Послышались ее шаги. Мне никогда не удавалось побыть с трупом наедине. Несмотря на бесчисленные меры предосторожности, она всякий раз заставала меня врасплох. Подозревала меня, шпионила за мной, не давала мне свободы передвижения, звала меня, следила за мной, всегда была рядом.
У меня бессонница. У Мадлен — нет. Несмотря на несчастье, на нас свалившееся, спит она очень хорошо.
Иногда, посреди ночи, в надежде воспользоваться темнотой и сном Мадлен, я аккуратно, чтобы не заскрипели пружины, встаю с постели, затаив дыхание, добираюсь до двери, но едва дотягиваюсь до дверной ручки, как зажигается лампа на тумбочке. Мадлен, уже спустив ногу на пол, окликает меня: «Куда ты? К нему? Подожди меня!»
В другой раз, думая, что она занята на кухне, я спешу в комнату мертвеца с безумной надеждой побыть с ним наконец хоть несколько секунд без свидетелей. Она уже там — сидит на диване, держа покойника за плечо в ожидании моего появления.

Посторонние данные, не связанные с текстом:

Lemma dist0_shift_cases n (x : pt n) i :
  let d := dist0 x in
  let d1 := dist0 (Defs.shift x i 1) in let d2 := dist0 (Defs.shift x i (-1)) in
  [\/ d1 = d.+1 /\ d2.+1 = d, d1.+1 = d /\ d2 = d.+1 | d1 = d.+1 /\ d2 = d.+1].
Proof.
move=> d d1 d2; have := dist0_shift x i 1; have := dist0_shift x i (-1).
rewrite -/d -/d1 -/d2; move: (x i) => z h2 h1.
by case: (ltrgtP z 0) => hz; [apply: Or32 | apply: Or31 | apply: Or33]; lia.
Qed.

Section ExpWeight.
Variables (R : realType) (n : nat) (a : R).
Hypothesis a_gt0 : 0 < a.

Definition expd (x : pt n) : R := expR (- a * (dist0 x)%:R).

Lemma lap_expd x : lap expd x <= n%:R * (expR a - 1) * expd x.
Proof.
have ea : 1 <= expR a by rewrite -expR0 ler_expR ltW.
have ena : expR (- a) <= 1 by rewrite -expR0 ler_expR oppr_le0 ltW.
have eaa : expR a * expR (- a) = 1 by rewrite -expRD subrr expR0.
have ex_gt0 := expR_gt0 (- a * (dist0 x)%:R).
have up y : dist0 y = (dist0 x).+1 -> expd y = expd x * expR (- a).
  by move=> dy; rewrite /expd dy -expRD -addn1 natrD; congr expR; ring.
have down y : (dist0 y).+1 = dist0 x -> expd y = expd x * expR a.
  by move=> dy; rewrite /expd -dy -expRD -addn1 natrD; congr expR; ring.
rewrite (_ : _ * expd x = \sum_(i < n) ((expR a - 1) * expd x)); last first.
  by rewrite sumr_const card_ord -mulr_natl; ring.
apply: ler_sum => i _; rewrite /expd in up down *.
by case: (dist0_shift_cases x i) =>
  [[/up -> /down ->]|[/down -> /up ->]|[/up -> /up ->]]; nra.
Qed.

Lemma vanish_expd (C : R) : 0 < C -> vanish_at_infty (fun x => C * expd x).
Proof.
move=> C0 e e0; pose y := - ln (e / C) / a.
exists (Num.Def.trunc y).+1 => x dx.
have yd : y < (dist0 x)%:R by apply: lt_le_trans (truncnS_gt y) _; rewrite ler_nat.
have ex : expd x < e / C.
  rewrite /expd -[X in _ < X]lnK ?posrE ?divr_gt0 // ltr_expR.
  by move: yd; rewrite ltr_pdivrMr //; lra.
rewrite ger0_norm; last exact: mulr_ge0 (ltW C0) (ltW (expR_gt0 _)).
by rewrite mulrC -ltr_pdivlMr.
Qed.

End ExpWeight.

Lemma expR_sub1_le_half (R : realType) (t : R) : - 1 / 2 <= t -> t <= 0 ->
  expR t - 1 <= t / 2.
Proof.
move=> t_ge t_le0.
have et : 1 / 2 <= expR t by have := expR_ge1Dx t; lra.
have := expR_ge1Dx (- t).
have -> : expR (- t) = (expR t)^-1 by rewrite expRN.
move=> ent; have et0 := expR_gt0 t.
have : expR t - 1 <= expR t * t.
  move: ent; rewrite -(ler_pM2l et0) mulrV ?unitfE ?gt_eqF //; lra.
nra.
Qed.

Section ExpDecay.
Variables (R : realType) (n : nat) (a lam : R) (g w : pt n -> R).
Hypothesis a_gt0 : 0 < a.
Hypothesis lam_gt0 : 0 < lam.
Hypothesis rate_small : n%:R * (expR a - 1) <= lam / 2.
Hypothesis g_eq0_far : exists L, forall x, (L <= dist0 x)%N -> g x = 0.
Hypothesis w_sol : AH_sol lam g w.
Hypothesis w_le0 : forall x, w x <= 0.

Lemma AH_sol_lap_le_far : exists L, forall x, (L <= dist0 x)%N ->
  lap w x <= lam / 2 * w x.
Proof.
case: w_sol => hw /(_ (1 / 2)) [//|L1 HL1]; have [L0 HL0] := g_eq0_far.
exists (maxn L0 L1) => x; rewrite geq_max => /andP[/HL0 gx /HL1].
rewrite hw gx addr0 ler0_norm // => wx.
have /(expR_sub1_le_half)/(_ (w_le0 x)) : - 1 / 2 <= w x by lra.
by move=> /(ler_wpM2l (ltW lam_gt0)); rewrite mulrA mulrAC.
Qed.

Lemma AH_sol_exp_decay : exists2 C, 0 < C & forall x, `|w x| <= C * expd a x.
Proof.
have [L HL] := AH_sol_lap_le_far; have [B HB] := vanish_bounded w_sol.2.
pose C := (`|B| + 1) * expR (a * L%:R).
have C0 : 0 < C by rewrite mulr_gt0 ?expR_gt0 // ltr_wpDl.
have near x : (dist0 x < L)%N -> - w x <= C * expd a x.
  move=> xL; have := HB x; rewrite ler0_norm // => wB.
  have -> : C * expd a x = (`|B| + 1) * expR (a * (L%:R - (dist0 x)%:R)).
    by rewrite /C /expd -mulrA -expRD; congr (_ * expR _); ring.
  have : 1 <= expR (a * (L%:R - (dist0 x)%:R)).
    rewrite -[X in X <= _]expR0 ler_expR; apply: mulr_ge0; first exact: ltW.
    by rewrite subr_ge0 ler_nat ltnW.
  by have := ler_norm B; have := normr_ge0 B; nra.
have F_le0 : forall x, - (w x + C * expd a x) <= 0.
  apply: max_principle.
    exact: vanishN (vanishD w_sol.2 (vanish_expd n a_gt0 C0)).
  move=> x Fx; rewrite lapN lapD lapZ.
  case: (ltnP (dist0 x) L) => [/near wC|/HL lapw]; first lra.
  have lap_Cexpd : C * lap (expd a) x <= C * (lam / 2 * expd a x).
    apply: ler_wpM2l; first exact: ltW.
    apply: le_trans (lap_expd a_gt0 x) _.
    by apply: ler_wpM2r; first exact/ltW/expR_gt0.
  have lam2 : 0 < lam / 2 by rewrite divr_gt0.
  by have := mulr_gt0 lam2 Fx; lra.
by exists C => // x; rewrite ler0_norm //; have := F_le0 x; lra.
Qed.

End ExpDecay.

Lemma sum_geom_le (R : realType) (r : R) N : 0 <= r < 1 ->
  \sum_(k < N) r ^+ k <= (1 - r)^-1.
Proof.
case/andP=> r0 r1; rewrite -div1r ler_pdivlMr ?subr_gt0 //.
have := subrX1 r N; have := exprn_ge0 N r0.
set S := \sum_(k < N) _; nra.
Qed.

Section Summability.
Variables (R : realType) (n : nat) (b : R).
Hypothesis b_gt0 : 0 < b.

Let r := expR (- b).
Let r_ge0 : 0 <= r. Proof. exact/ltW/expR_gt0. Qed.
Let r_lt1 : r < 1. Proof. by rewrite /r -expR0 ltr_expR oppr_lt0. Qed.

Lemma sum_box_expR_le L : \sum_(t : {ffun 'I_n -> 'I_L.+1 * bool})
   \prod_(i < n) expR (- b * ((t i).1 : nat)%:R) <= (2 / (1 - r)) ^+ n.
Proof.
rewrite -(bigA_distr_bigA (fun i (j : 'I_L.+1 * bool) => expR (- b * (j.1 : nat)%:R))).
rewrite -[X in _ <= _ ^+ X]card_ord -prodr_const; apply: ler_prod => i _.
rewrite sumr_ge0 => [|j _]; last exact/ltW/expR_gt0.
rewrite -(pair_bigA _ (fun (k : 'I_L.+1) (s : bool) => expR (- b * (k : nat)%:R))) /=.
under eq_bigr do rewrite big_bool /= expRM_natr -/r.
have -> : \sum_(k < L.+1) (r ^+ k + r ^+ k) = 2 * \sum_(k < L.+1) r ^+ k.
  by rewrite mulr_sumr; apply: eq_bigr => k _; ring.
by rewrite ler_pM2l ?sum_geom_le ?r_ge0.
Qed.

(* A finite set of points lies in some ball, which [box_idx] maps injectively
   into a box. *)
Lemma sum_expd_le (s : seq (pt n)) : uniq s ->
  \sum_(x <- s) expd b x <= (2 / (1 - r)) ^+ n.
Proof.
move=> s_uniq; pose L := \max_(x <- s) dist0 x.
have sL x : x \in s -> (dist0 x <= L)%N by move=> xs; exact: leq_bigmax_seq.
have -> : \sum_(x <- s) expd b x = \sum_(x <- s) expd b (box_pt (box_idx L x)).
  by apply: eq_big_seq => x /sL /box_idxK ->.
rewrite -(big_map (box_idx L) xpredT (fun t => expd b (box_pt t))).
rewrite big_uniq /=; last first.
  by rewrite map_inj_in_uniq // => x y /sL/box_idxK {2}<- /sL/box_idxK {2}<- ->.
apply: le_trans (sum_box_expR_le L).
rewrite [X in _ <= X](bigID [in map (box_idx L) s]) /=; apply: ler_wpDr.
  by apply: sumr_ge0 => t _; apply: prodr_ge0 => i _; exact/ltW/expR_gt0.
apply: ler_sum => t _; rewrite /expd -expR_sum ler_expR /dist0 natr_sum mulr_sumr.
apply: ler_sum => i _; rewrite !mulNr lerN2; apply: ler_wpM2l; first exact: ltW.
by rewrite ler_nat box_pt_norm.
Qed.

Lemma esum_expd_bounded (f : pt n -> R) (K : R) : (forall x, 0 <= f x) -> 0 <= K ->
  (forall x, f x <= K * expd b x) ->
  (\esum_(x in [set: pt n]) (f x)%:E < +oo)%E.
Proof.
move=> f0 K0 fK; apply: (@le_lt_trans _ _ (K * (2 / (1 - r)) ^+ n)%:E); last exact: ltry.
apply: ge_ereal_sup => _ [X [finX _] <-].
rewrite fsumEFin // lee_fin fsbig_finite //.
apply: le_trans (_ : K * \sum_(x <- _) expd b x <= _).
  by rewrite mulr_sumr; apply: ler_sum => x _.
by rewrite ler_wpM2l // sum_expd_le // finmap.fset_uniq.
Qed.

End Summability.

Lemma exp_decay_in_lp (R : realType) n (a C : R) (w : pt n -> R) : 0 < a -> 0 <= C ->
  (forall x, `|w x| <= C * expd a x) -> forall q, 0 < q -> in_lp q w.
Proof.
move=> a0 C0 wC q q0; apply: (@esum_expd_bounded _ _ (a * q) _ _ (C `^ q)).
- by rewrite mulr_gt0.
- by move=> x; exact: powR_ge0.
- exact: powR_ge0.
move=> x; have E0 := expR_gt0 (- a * (dist0 x)%:R).
have -> : C `^ q * expd (a * q) x = (C * expd a x) `^ q.
  rewrite powRM //; last exact: ltW.
  by rewrite /expd -expRM mulrAC !mulNr.
apply: ge0_ler_powR (wC x); rewrite ?nnegrE //; first exact: ltW.
exact: mulr_ge0 C0 (ltW E0).
Qed.

Lemma higgs_rate_le (R : realType) n (lam a : R) : (0 < n)%N -> 0 < lam ->
  a <= ln (1 + lam / (2 * n%:R)) -> n%:R * (expR a - 1) <= lam / 2.
Proof.
move=> n0 lam0 a_le; have n0R : (0 : R) < n%:R by rewrite ltr0n.
have t0 : 0 < lam / (2 * n%:R) by rewrite divr_gt0 // mulr_gt0.
have : expR a <= 1 + lam / (2 * n%:R).
  by rewrite -[X in _ <= X]lnK ?posrE ?ler_expR //; lra.
have -> : lam / 2 = n%:R * (lam / (2 * n%:R)) by field; rewrite lt0r_neq0.
by move=> ea; rewrite ler_pM2l //; lra.
Qed.

Theorem theorem1p2 (R : realType) (n : nat) (lam : R) (M : nat)
  (p : 'I_M -> pt n) (m : 'I_M -> nat) (u : pt n -> R) :
  (2 <= n)%N -> 0 < lam -> injective p -> (forall j, (0 < m j)%N) ->
  CS_max_sol lam (gsrc R p m) u ->
  exists u' : pt n -> R,
    [/\ AH_sol lam (gsrc R p m) u',
        (forall v, AH_sol lam (gsrc R p m) v -> v = u'),
        (forall q : R, 1 <= q -> in_lp q u') /\ in_linf u',
        (forall x, u x <= u' x /\ u' x <= 0) &
        (forall eps : R, 0 < eps < 1 ->
           bigO_exp_decay ((ln (1 + lam / (2 * n%:R))) * (1 - eps)) u')].
Proof.
move=> n2 lam0 _ _ [uCS _]; set g := gsrc R p m.
have g0 x : 0 <= g x by exact: gsrc_ge0.
have u_le0 := CS_sol_le0 lam0 g0 uCS.
have [w w_sol uw] := AH_sol_above lam0 g0 (CS_sol_AH_subsol (ltW lam0) uCS) u_le0 uCS.2.
have w_le0 x : w x <= 0 by have /andP[] := uw x.
set a := ln (1 + lam / (2 * n%:R)).
have a0 : 0 < a by rewrite ln_gt0 // ltrDl divr_gt0 // mulr_gt0 // ltr0n; lia.
have decay b : 0 < b -> b <= a -> exists2 C, 0 < C & forall x, `|w x| <= C * expd b x.
  move=> b0 ba; apply: AH_sol_exp_decay w_sol w_le0 => //; last exact: gsrc_eq0_far.
  by apply: higgs_rate_le => //; lia.
exists w; split=> //.
- by move=> v v_sol; have := AH_sol_unique lam0 v_sol w_sol.
- split; last exact: vanish_bounded w_sol.2.
  have [C C0 wC] := decay a a0 (lexx a).
  by move=> q q1; apply: (exp_decay_in_lp a0 (ltW C0) wC); lra.
- by move=> x; have /andP[] := uw x.
move=> eps /andP[e0 e1].
have b0 : 0 < a * (1 - eps) by rewrite mulr_gt0 // subr_gt0.
have ba : a * (1 - eps) <= a by rewrite ger_pMr //; lra.
have [C _ wC] := decay _ b0 ba.
by exists C, 0%N => x _; exact: wC.
Qed.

Так что и на этот раз я не удивился, когда увидел, что Мадлен идет за мной по пятам, готовая, по своему обыкновению, осыпать меня упреками. Когда я обратил ее внимание, как красиво, сверкая в полутьме комнаты, горят глаза у мертвеца, она, совершенно бесчувственная к очарованию этого довольно-таки необычного зрелища, воскликнула:
— За десять лет ты не удосужился закрыть ему глаза!
— Верно, — с жалким видом согласился я.
— Как же можно, — продолжала она, — быть таким легкомысленным? Ты не можешь утверждать, что у тебя не было времени — ты целыми днями ничего не делаешь!
— Не могу же я думать обо всем!
— Ты ни о чем не думаешь!
— Хорошо. Я знаю. Ты мне это говорила сто тысяч раз!
— Если знаешь, почему не исправляешься?
— Ты сама могла, между прочим, опустить ему веки!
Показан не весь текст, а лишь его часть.